# What you need to do
Collect every line of the records below that contains the word "Omega".

# Records provided

----

Theorem corollary3p3 (R : realType) (G : probability R R) :
  G [set x : R | 0 <= x] = 1%E ->
  exists theta : R, 0 < theta /\
    forall (d : measure_display) (Omega : measurableType d)
           (P : probability Omega R) (w : vertex -> Omega -> R),
      (forall e, measurable_fun setT (w e)) ->
      (forall e (A : set R), measurable A -> P (w e @^-1` A) = G A) ->
      mutually_independent P w ->
      forall x1 x2 y1 y2 : int,
        (\int[P]_(om in setT)
           (expR (theta * fpp_time (fun e => w e om) (x1, y1) (x2, y2)))%:E
         < +oo)%E.
Proof.
move=> _; exists (ln 2 / 2); split; first by rewrite divr_gt0 // ln_gt0 // ltr1n.
move=> d Omega P w mw law indep x1 x2 y1 y2.
set n := `|x2 - x1|%N; set x0 := Order.min x1 x2.
have [a a0 quarter] := tail_row_le G n.
pose rows j := [seq y1 + k%:Z | k <- iota 0 j].
pose B j := \big[setI/setT]_(y <- rows j) bad_row w x0 n a y.
apply: le_lt_trans (integral_le_nneseries_indic P (c := fun j =>
  expR (ln 2 / 2 * ((`|y2 - y1|%N)%:R + n%:R * a)) * 2 ^+ j) (B := B) _ _ _ _) _.
- by move=> om; rewrite expR_ge0.
- by move=> j; rewrite mulr_ge0 ?expR_ge0 ?exprn_ge0.
- by move=> j; apply: bigsetI_measurable => y _; exact: measurable_bad_row.
- move=> om; have [j bad fpp_j] := expR_fpp_time_le (w^~ om) x1 x2 y1 y2 a0.
  exists j => //; rewrite /B -bigcap_seq => y /mapP[k].
  by rewrite mem_iota => /andP[_ kj] ->; exact/bad_rowP/bad.
apply: le_lt_trans (nneseries_pow2_le _ _ _) (ltry _) => [|j|j].
- exact: expR_ge0.
- exact: measure_ge0.
have uniq_rows : uniq (rows j) by rewrite map_inj_uniq ?iota_uniq // => p q /addrI [].
apply: le_trans (P_bad_rows_le mw law indep x0 n a uniq_rows) _.
by rewrite size_map size_iota lee_fin lerXn2r // nnegrE ?invr_ge0 ?mulr_ge0 ?tail_ge0.
Qed.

----

# Problem solution
    forall (d : measure_display) (Omega : measurableType d)
           (P : probability Omega R) (w : vertex -> Omega -> R),
move=> d Omega P w mw law indep x1 x2 y1 y2.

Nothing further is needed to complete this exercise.